Ion transport and regulation in a synaptic vesicle glutamate transporter

Abstract

Synaptic vesicles accumulate neurotransmitters, enabling the quantal release by exocytosis that underlies synaptic transmission. Specific neurotransmitter transporters are responsible for this activity and therefore are essential for brain function. The vesicular glutamate transporters (VGLUTs) concentrate the principal excitatory neurotransmitter glutamate into synaptic vesicles, driven by membrane potential. However, the mechanism by which they do so remains poorly understood owing to a lack of structural information. We report the cryo-electron microscopy structure of rat VGLUT2 at 3.8-angstrom resolution and propose structure-based mechanisms for substrate recognition and allosteric activation by low pH and chloride. A potential permeation pathway for chloride intersects with the glutamate binding site. These results demonstrate how the activity of VGLUTs can be coordinated with large shifts in proton and chloride concentrations during the synaptic vesicle cycle to ensure normal synaptic transmission.

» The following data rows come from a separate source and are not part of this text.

Section Constants.
Context {R : numFieldType}.
Implicit Types (ma md : R) (s : nat).

(* Slack in the two sparsity conditions; the paper's condition on w makes one
   of them positive. *)
Definition block_gap ma md s : R := 2 * (1 + ma) - s%:R * ((ma + md) + 2 * md).
Definition uniform_gap md s : R := 1 + md - s%:R * (2 * md).

Definition block_cond ma md s : bool := [&& 0 < block_gap ma md s, 0 <= ma & 0 <= md].
Definition uniform_cond md s : bool := (0 < uniform_gap md s) && (0 <= md).

Definition block_const ma md s : R :=
  2 * (s%:R * (1 + ma) + s%:R ^+ 2 * (2 * md)) / ((1 + ma) * block_gap ma md s).
Definition uniform_const md s : R := s%:R / uniform_gap md s.

(* Bound on the error mass on the support, relative to delta + 2 mu_d sigma:
   each sparsity condition that holds contributes its constant. *)
Definition head_const ma md s : R :=
  (if block_cond ma md s then block_const ma md s else 0)
  + (if uniform_cond md s then uniform_const md s else 0).

Lemma block_const_ge0 ma md s : block_cond ma md s -> 0 <= block_const ma md s.
Proof.
case/and3P => gap0 ma0 md0; have k0 : 0 < 1 + ma by rewrite ltr_pwDl.
apply: divr_ge0; last by rewrite mulr_ge0 ?ltW.
by rewrite mulr_ge0 ?addr_ge0 ?mulr_ge0 ?exprn_ge0 // ltW.
Qed.

Lemma uniform_const_ge0 md s : uniform_cond md s -> 0 <= uniform_const md s.
Proof. by case/andP => gap0 _; rewrite divr_ge0 // ltW. Qed.

Lemma head_const_ge0 ma md s : 0 <= head_const ma md s.
Proof.
rewrite /head_const addr_ge0 //; case: ifP => // cond.
  exact: block_const_ge0.
exact: uniform_const_ge0.
Qed.

Lemma head_const_block ma md s (P g : R) :
  block_cond ma md s -> 0 <= g ->
  (1 + ma) * block_gap ma md s * P <= 2 * (s%:R * (1 + ma) + s%:R ^+ 2 * (2 * md)) * g ->
  P <= head_const ma md s * g.
Proof.
move=> cond g0 le_P; have /and3P[gap0 ma0 _] := cond.
have den0 : 0 < (1 + ma) * block_gap ma md s by rewrite mulr_gt0 // ltr_pwDl.
rewrite /head_const cond mulrDl -[P]addr0 lerD //; last first.
  by case: ifP => // ucond; rewrite mulr_ge0 ?uniform_const_ge0.
by rewrite /block_const mulrAC ler_pdivlMr // mulrC.
Qed.

Lemma head_const_uniform ma md s (P g : R) :
  uniform_cond md s -> 0 <= g ->
  uniform_gap md s * P <= s%:R * g ->
  P <= head_const ma md s * g.
Proof.
move=> cond g0 le_P; have /andP[gap0 _] := cond.
rewrite /head_const cond mulrDl -[P]add0r lerD //; last first.
  by rewrite /uniform_const mulrAC ler_pdivlMr // mulrC.
by case: ifP => // bcond; rewrite mulr_ge0 ?block_const_ge0.
Qed.

End Constants.

Section HeadBound.
Context {R : numFieldType} {N : nat}.
Context {SA W : {set 'I_N}} {ma mm md delta sig : R} {h : 'cV[R]_N} {s : nat}.
Hypotheses (ma0 : 0 <= ma) (ma_md : ma <= md) (mm_md : mm <= md).
Hypotheses (delta0 : 0 <= delta) (sig0 : 0 <= sig) (cardW : #|W| = s).
Hypothesis coord : forall j,
  `|h j 0| <= delta + \sum_(k | k != j) blockmu SA ma mm j k * `|h k 0|.
Hypothesis cone : l1_on h (~: W) <= l1_on h W + 2 * sig.

Let gam := delta + 2 * md * sig.

Lemma blockmu_le_md j k : blockmu SA ma mm j k <= md.
Proof. by rewrite /blockmu; case: ifP. Qed.

Lemma blockmu_sum j (T : {set 'I_N}) (b : bool) :
  (forall k, k \in T -> (k \in SA) = b) ->
  \sum_(k in T) blockmu SA ma mm j k * `|h k 0| =
    (if (j \in SA) == b then ma else mm) * l1_on h T.
Proof.
move=> Tb; rewrite /l1_on mulr_sumr; apply: eq_bigr => k kT.
by rewrite /blockmu (Tb k kT).
Qed.

(* Using only the uniform coherence bound mu_d: summing
   (1 + mu_d) |h_j| <= delta + mu_d ||h||_1 over W and applying the cone
   constraint. *)
Lemma uniform_head_bound : uniform_gap md s * l1_on h W <= s%:R * gam.
Proof.
have md0 := le_trans ma0 ma_md.
have row j : (1 + md) * `|h j 0| <= delta + md * (l1_on h W + l1_on h (~: W)).
  rewrite -l1_on_split (bigD1 j) //= mulrDr addrA mulrDl mul1r.
  rewrite [X in _ <= X]addrAC lerD2r.
  apply: le_trans (coord j) _; rewrite lerD2l mulr_sumr.
  by apply: ler_sum => k _; rewrite ler_wpM2r // blockmu_le_md.
have sumW : (1 + md) * l1_on h W <= s%:R * (delta + md * (2 * l1_on h W + 2 * sig)).
  rewrite /l1_on mulr_sumr; apply: le_trans (ler_sum _ (fun j _ => row j)) _.
  rewrite sumr_const cardW mulr_natl -/(l1_on h W) ler_wMn2r ?lerD2l //.
  by rewrite ler_wpM2l // mulr2n mulrDl mul1r -addrA lerD2l.
rewrite -subr_ge0 in sumW; rewrite -subr_ge0.
by congr (0 <= _): sumW; rewrite /uniform_gap /gam; ring.
Qed.

Let x := l1_on h (W :&: SA).
Let y := l1_on h (W :\: SA).

(* Row bound at a support index j: its own block enters with weight mu_a, the
   other block and (through the cone constraint) the off-support mass with mu_d. *)
Lemma block_row_bound j : j \in W ->
  (1 + ma) * `|h j 0| <=
    gam + (if j \in SA then (ma + md) * x + 2 * md * y else 2 * md * x + (ma + md) * y).
Proof.
move=> jW; have md0 := le_trans ma0 ma_md.
have diag : (1 + ma) * `|h j 0| <= delta + \sum_k blockmu SA ma mm j k * `|h k 0|.
  have bjj : blockmu SA ma mm j j = ma by rewrite /blockmu eqxx.
  rewrite (bigD1 j) //= bjj mulrDl mul1r [X in X <= _]addrC [X in _ <= X]addrCA lerD2l.
  exact: coord.
have tail : \sum_(k | k \notin W) blockmu SA ma mm j k * `|h k 0| <= md * (x + y + 2 * sig).
  apply: le_trans (_ : _ <= md * l1_on h (~: W)) _.
    rewrite /l1_on mulr_sumr (eq_bigl (fun k => k \in ~: W)) => [|k]; last by rewrite inE.
    by apply: ler_sum => k _; rewrite ler_wpM2r // blockmu_le_md.
  by rewrite ler_wpM2l // -(big_setID SA).
apply: le_trans diag _; rewrite (bigID (mem W)) /= (big_setID SA) /=.
rewrite (blockmu_sum j (W :&: SA) true) => [|k]; last by rewrite inE => /andP[].
rewrite (blockmu_sum j (W :\: SA) false) => [|k]; last by rewrite inE => /andP[/negbTE].
have mmx := ler_wpM2r (l1_on_ge0 h (W :&: SA)) mm_md.
have mmy := ler_wpM2r (l1_on_ge0 h (W :\: SA)) mm_md.
case: (j \in SA) => /=.
- apply: le_trans (lerD (lexx _) (lerD (lerD (lexx _) mmy) tail)) _.
  by rewrite /gam /x /y; le_by_ring.
- apply: le_trans (lerD (lexx _) (lerD (lerD mmx (lexx _)) tail)) _.
  by rewrite /gam /x /y; le_by_ring.
Qed.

Fig. 1.. Structure of VGLUT2.

(A) Cryo-EM map of the VGLUT2-Fab complex. The two domains are colored blue (N-domain) and red (C-domain), and the Fab is colored yellow. (B) Schematic representation of the structural arrangement of VGLUT2. Three-helix bundles are related to each other by a twofold pseudosymmetry, and each bundle is colored using shades of the same color group. (C) Structure of VGLUT2. Helices are colored according to the representation in (B), with connecting strands shown in gray. The VGLUT2 structure includes residues 59 to 508 except for the disordered loop 1 between TM1 and TM2 (residues 98 to 123) and 10 residues between ICH1 and ICH2 (residues 288 to 299). (D) Electrostatic surface of VGLUT2 shown at the plane parallel to the membrane through the central substrate binding site of the protein. The central cavity is indicated by a black dashed circle.

Fig. 2.. R88 and R322 are critical for glutamate transport.

(A) Alignment of human SLC17 family proteins, presented alongside the Escherichia coli homolog DgoT, with binding site residues indicated by magenta triangles. Residues are colored according to sequence conservation in descending order of red, orange, yellow, green, and no color. Putative substrate binding residues conserved in VGLUTs alone are highlighted by red boxes. (B) Structure of the substrate binding site in VGLUT2. Glutamate was manually placed into the binding site to mimic D-galactonate in DgoT. Both R88 and R322 are located at distances suitable for interacting with the carboxyl groups. (C) Structure of the substrate binding site in DgoT with substrate D-galactonate bound in the outward occluded conformation [PDB: 6E9O (22)]. Structures of VGLUT2 (B) and DgoT (C) are colored following the same pattern as (A), and substrates are colored cyan. (D) mEPSCs recorded from hippocampal neurons of VGLUT1 and VGLUT2 double knockout (DKO) mice rescued with WT, R88A, and R322A VGLUT2. Synaptic transmission is impaired by the R88A mutation and eliminated by the R322A mutation. mEPSC frequency (left) and amplitude (right) are normalized to those of VGLUT2-WT (n = 10 to 15 cells per condition). Data indicate means and SEM. Statistical significance was determined by one-way analysis of variance (ANOVA) with Tukey’s post hoc test. *P < 0.05; ***P < 0.001; ns, not significant. Single-letter abbreviations for the amino acid residues are as follows: A, Ala; C, Cys; D, Asp; E, Glu; F, Phe; G, Gly; H, His; I, Ile; K, Lys; L, Leu; M, Met; N, Asn; P, Pro; Q, Gln; R, Arg; S, Ser; T, Thr; V, Val; W, Trp; and Y, Tyr.

Fig. 3.. Two functional clusters of charged and polar residues embedded within the transmembrane domains.

(A) Electrostatic surface of VGLUT2. Two internal charged and polar cavities (referred to as R88 and R322 clusters) are colored according to the potential scale (bottom right). The N-domain is colored light green and the C-domain is tan. Cyan and magenta boxes in (A) match the insets in (B) (top view), (C) (side view), and (D) (top view), showing key residues and distances between polar groups (A). (B and C) R88 cluster with proposed Cl⁻ (R184) and H⁺ binding sites (E191 and H128) highlighted in orange. (D) R322 cluster.

Fig. 4.. Putative Cl⁻ channels and proposed transport mechanism.

(A) Channels consistent with Cl⁻ conductance (surface). (B) Top view of the central channel. (C) Top view of the cytoplasmic two-His gate. Distances (Å) between polar groups are shown with dotted lines. (D) Proposed mechanism by which VGLUT integrates the dynamic change of ionic conditions during synaptic vesicle recycling to regulate its activity.